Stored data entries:
Content starts
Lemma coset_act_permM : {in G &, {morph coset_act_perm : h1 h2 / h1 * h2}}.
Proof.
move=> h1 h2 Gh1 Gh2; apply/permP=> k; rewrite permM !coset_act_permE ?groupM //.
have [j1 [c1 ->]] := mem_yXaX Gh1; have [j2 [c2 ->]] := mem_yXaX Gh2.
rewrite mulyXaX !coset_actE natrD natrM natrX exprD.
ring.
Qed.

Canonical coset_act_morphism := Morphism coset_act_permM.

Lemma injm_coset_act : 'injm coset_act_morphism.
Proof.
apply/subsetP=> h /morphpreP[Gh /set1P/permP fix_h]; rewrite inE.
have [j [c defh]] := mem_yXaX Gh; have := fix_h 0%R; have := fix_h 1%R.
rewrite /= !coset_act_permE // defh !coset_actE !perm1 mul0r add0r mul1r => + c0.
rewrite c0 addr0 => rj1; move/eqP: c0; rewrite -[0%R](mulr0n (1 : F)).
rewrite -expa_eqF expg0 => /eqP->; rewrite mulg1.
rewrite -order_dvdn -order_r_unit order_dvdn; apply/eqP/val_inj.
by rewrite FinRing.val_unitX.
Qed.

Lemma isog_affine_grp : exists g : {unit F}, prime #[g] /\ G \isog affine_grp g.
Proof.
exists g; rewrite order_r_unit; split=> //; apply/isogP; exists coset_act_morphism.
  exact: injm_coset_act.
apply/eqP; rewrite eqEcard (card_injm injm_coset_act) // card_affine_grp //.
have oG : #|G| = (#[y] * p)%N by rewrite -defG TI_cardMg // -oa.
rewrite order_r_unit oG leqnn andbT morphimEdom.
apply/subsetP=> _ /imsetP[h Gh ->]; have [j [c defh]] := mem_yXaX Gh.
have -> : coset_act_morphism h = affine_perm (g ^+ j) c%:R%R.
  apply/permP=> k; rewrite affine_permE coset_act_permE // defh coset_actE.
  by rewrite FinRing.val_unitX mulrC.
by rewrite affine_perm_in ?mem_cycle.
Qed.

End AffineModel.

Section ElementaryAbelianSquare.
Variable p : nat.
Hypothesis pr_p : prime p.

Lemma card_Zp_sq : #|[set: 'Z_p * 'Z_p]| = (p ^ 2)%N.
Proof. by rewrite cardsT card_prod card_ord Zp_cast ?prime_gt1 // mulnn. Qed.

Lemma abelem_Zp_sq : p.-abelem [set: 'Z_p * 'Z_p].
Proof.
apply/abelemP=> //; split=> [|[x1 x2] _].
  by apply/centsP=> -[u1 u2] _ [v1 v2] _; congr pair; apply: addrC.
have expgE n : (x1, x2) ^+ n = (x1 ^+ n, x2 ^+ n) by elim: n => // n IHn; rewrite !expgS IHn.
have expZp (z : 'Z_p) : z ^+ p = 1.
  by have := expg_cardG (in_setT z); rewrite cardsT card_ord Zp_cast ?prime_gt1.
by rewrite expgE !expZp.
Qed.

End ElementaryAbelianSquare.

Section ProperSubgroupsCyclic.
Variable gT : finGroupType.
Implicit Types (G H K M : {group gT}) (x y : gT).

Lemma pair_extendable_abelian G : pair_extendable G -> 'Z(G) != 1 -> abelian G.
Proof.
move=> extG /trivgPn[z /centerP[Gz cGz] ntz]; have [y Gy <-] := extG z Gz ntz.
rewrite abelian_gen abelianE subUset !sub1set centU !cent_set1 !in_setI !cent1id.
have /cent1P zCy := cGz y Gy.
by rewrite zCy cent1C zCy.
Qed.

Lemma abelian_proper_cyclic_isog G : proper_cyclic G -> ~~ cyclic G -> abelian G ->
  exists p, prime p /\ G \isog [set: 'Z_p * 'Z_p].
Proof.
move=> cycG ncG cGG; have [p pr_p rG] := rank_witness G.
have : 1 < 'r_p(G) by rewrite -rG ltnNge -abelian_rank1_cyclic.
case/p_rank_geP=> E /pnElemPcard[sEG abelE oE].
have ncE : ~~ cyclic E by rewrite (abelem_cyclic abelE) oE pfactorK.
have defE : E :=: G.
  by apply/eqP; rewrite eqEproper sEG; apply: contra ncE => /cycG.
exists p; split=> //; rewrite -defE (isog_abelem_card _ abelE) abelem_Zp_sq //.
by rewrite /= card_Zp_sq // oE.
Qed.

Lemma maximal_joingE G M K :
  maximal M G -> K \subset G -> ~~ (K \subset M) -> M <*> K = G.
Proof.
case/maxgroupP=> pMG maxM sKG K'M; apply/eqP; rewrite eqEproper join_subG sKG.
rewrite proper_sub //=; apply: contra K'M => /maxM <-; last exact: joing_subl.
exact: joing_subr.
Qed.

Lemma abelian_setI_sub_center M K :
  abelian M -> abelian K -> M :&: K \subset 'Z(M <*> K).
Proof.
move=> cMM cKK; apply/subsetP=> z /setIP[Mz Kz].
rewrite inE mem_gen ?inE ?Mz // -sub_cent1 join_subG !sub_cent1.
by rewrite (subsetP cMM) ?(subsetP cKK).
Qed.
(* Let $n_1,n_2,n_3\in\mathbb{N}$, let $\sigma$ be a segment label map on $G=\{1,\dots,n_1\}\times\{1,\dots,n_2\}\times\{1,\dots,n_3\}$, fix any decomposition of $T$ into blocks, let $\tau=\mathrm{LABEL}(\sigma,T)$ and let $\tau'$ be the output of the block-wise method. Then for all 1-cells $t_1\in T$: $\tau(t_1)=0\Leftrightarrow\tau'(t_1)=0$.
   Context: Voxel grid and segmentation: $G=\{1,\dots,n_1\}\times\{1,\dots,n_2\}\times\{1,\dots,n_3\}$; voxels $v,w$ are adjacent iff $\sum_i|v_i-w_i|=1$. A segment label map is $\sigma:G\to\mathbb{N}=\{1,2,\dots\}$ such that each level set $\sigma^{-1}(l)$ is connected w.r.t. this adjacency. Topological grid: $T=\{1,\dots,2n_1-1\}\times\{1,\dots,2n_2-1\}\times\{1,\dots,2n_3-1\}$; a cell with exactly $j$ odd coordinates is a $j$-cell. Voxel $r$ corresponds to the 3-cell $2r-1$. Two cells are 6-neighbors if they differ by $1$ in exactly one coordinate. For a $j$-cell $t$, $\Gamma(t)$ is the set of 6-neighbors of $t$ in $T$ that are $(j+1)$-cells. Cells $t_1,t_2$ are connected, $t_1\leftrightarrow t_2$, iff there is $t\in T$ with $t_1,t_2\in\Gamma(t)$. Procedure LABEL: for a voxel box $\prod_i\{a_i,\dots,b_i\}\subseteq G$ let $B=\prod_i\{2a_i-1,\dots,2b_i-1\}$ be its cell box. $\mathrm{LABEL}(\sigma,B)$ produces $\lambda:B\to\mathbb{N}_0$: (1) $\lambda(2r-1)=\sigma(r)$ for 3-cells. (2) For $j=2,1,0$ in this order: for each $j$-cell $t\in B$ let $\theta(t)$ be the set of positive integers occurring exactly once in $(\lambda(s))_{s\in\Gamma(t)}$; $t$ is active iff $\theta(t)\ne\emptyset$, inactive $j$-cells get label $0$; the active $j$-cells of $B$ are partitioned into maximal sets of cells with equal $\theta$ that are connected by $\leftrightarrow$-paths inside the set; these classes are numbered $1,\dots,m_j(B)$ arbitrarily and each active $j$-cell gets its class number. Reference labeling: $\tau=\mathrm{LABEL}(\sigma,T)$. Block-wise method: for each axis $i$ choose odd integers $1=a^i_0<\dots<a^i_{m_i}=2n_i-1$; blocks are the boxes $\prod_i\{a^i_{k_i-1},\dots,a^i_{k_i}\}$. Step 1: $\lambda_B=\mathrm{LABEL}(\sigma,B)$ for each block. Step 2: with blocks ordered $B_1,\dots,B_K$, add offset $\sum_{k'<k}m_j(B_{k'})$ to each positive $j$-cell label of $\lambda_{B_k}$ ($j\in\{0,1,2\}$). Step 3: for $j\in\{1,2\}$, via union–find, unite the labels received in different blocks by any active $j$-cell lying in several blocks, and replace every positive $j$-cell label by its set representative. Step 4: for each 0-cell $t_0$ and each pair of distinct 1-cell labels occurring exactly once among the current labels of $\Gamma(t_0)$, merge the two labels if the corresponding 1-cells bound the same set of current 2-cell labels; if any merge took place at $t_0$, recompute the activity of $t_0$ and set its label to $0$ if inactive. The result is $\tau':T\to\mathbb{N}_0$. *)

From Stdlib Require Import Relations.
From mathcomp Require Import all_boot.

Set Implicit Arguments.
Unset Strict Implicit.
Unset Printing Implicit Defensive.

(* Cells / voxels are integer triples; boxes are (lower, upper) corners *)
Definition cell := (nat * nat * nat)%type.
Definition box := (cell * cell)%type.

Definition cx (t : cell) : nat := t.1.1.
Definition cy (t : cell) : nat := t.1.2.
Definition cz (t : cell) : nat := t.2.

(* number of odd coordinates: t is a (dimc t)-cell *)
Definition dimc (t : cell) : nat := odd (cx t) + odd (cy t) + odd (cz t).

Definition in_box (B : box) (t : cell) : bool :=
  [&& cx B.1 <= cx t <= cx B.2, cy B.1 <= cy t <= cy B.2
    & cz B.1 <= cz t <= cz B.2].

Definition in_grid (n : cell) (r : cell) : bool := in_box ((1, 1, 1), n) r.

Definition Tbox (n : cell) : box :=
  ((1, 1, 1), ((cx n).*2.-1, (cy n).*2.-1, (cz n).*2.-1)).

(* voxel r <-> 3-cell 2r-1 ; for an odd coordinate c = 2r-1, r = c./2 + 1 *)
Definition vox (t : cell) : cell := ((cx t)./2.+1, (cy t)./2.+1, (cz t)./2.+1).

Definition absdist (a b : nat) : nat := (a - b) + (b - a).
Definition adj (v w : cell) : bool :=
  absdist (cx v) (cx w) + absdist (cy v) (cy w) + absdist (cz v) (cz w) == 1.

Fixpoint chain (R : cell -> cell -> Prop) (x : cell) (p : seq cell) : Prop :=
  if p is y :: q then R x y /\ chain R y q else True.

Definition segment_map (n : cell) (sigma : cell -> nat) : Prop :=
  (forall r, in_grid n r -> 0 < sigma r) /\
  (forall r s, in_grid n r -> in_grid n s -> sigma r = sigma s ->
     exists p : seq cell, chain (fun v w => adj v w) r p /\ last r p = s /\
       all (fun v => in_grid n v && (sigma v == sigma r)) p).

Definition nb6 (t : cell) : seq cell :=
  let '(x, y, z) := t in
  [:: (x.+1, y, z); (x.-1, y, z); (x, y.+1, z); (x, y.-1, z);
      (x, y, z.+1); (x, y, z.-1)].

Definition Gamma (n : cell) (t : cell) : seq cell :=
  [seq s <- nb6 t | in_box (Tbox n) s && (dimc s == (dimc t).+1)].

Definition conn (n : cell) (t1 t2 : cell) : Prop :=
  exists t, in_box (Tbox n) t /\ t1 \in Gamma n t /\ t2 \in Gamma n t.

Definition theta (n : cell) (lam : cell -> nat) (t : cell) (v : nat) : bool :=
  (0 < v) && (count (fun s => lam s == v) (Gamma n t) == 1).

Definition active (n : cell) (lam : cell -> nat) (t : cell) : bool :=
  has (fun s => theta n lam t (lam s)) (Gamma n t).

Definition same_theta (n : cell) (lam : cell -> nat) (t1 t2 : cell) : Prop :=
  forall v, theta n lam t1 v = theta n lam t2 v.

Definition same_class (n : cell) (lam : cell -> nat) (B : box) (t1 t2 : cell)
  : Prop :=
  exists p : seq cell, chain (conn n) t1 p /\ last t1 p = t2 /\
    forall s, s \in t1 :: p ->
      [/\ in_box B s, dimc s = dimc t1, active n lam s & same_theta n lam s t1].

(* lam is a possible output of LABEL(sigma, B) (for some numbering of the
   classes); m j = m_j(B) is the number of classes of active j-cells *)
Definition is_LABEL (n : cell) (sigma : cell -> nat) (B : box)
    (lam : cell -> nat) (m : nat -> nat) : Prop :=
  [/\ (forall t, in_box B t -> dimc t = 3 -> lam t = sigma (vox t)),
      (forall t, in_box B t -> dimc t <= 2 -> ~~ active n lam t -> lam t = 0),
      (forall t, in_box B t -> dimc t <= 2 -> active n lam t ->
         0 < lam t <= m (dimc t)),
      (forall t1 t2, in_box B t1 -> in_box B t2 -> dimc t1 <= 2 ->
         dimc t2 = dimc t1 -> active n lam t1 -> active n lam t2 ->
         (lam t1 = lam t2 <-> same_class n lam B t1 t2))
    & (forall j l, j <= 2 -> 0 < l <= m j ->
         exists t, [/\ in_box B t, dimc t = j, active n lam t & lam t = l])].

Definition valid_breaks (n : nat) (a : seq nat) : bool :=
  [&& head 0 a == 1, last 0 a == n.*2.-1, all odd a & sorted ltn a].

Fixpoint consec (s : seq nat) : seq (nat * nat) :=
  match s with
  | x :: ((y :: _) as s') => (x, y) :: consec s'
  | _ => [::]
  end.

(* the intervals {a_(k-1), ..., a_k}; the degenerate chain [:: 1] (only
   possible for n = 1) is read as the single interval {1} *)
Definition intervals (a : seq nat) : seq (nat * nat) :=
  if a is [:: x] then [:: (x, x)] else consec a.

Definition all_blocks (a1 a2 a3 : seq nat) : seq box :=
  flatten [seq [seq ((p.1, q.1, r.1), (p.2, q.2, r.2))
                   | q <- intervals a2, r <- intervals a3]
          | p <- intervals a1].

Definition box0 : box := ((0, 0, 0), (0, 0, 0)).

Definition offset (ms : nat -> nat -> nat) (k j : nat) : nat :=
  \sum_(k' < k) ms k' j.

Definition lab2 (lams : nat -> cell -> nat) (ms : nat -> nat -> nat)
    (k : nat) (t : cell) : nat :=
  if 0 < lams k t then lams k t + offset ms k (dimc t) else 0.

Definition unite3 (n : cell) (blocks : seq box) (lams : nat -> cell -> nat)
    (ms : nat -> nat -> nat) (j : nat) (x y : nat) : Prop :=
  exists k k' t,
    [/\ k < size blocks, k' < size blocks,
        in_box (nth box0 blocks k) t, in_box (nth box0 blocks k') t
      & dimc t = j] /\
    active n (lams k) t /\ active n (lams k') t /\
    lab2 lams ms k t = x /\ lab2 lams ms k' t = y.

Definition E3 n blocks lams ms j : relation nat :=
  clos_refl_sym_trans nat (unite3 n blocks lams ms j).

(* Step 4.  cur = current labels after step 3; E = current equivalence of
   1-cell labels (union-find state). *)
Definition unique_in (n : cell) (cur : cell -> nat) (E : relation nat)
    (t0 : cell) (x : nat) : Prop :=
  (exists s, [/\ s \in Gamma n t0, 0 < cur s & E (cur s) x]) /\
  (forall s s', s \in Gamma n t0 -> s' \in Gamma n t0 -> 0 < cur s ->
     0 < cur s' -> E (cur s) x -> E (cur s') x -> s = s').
Content ends
» Your assignment: From the records above, copy only the lines starting with the line that holds "rewrite -order_dvdn -order_r_unit" and going on through the line that holds "Lemma card_Zp_sq : #|[set: 'Z_p", exactly as written.

» Written solution:
rewrite -order_dvdn -order_r_unit order_dvdn; apply/eqP/val_inj.
by rewrite FinRing.val_unitX.
Qed.

Lemma isog_affine_grp : exists g : {unit F}, prime #[g] /\ G \isog affine_grp g.
Proof.
exists g; rewrite order_r_unit; split=> //; apply/isogP; exists coset_act_morphism.
  exact: injm_coset_act.
apply/eqP; rewrite eqEcard (card_injm injm_coset_act) // card_affine_grp //.
have oG : #|G| = (#[y] * p)%N by rewrite -defG TI_cardMg // -oa.
rewrite order_r_unit oG leqnn andbT morphimEdom.
apply/subsetP=> _ /imsetP[h Gh ->]; have [j [c defh]] := mem_yXaX Gh.
have -> : coset_act_morphism h = affine_perm (g ^+ j) c%:R%R.
  apply/permP=> k; rewrite affine_permE coset_act_permE // defh coset_actE.
  by rewrite FinRing.val_unitX mulrC.
by rewrite affine_perm_in ?mem_cycle.
Qed.

End AffineModel.

Section ElementaryAbelianSquare.
Variable p : nat.
Hypothesis pr_p : prime p.

Lemma card_Zp_sq : #|[set: 'Z_p * 'Z_p]| = (p ^ 2)%N.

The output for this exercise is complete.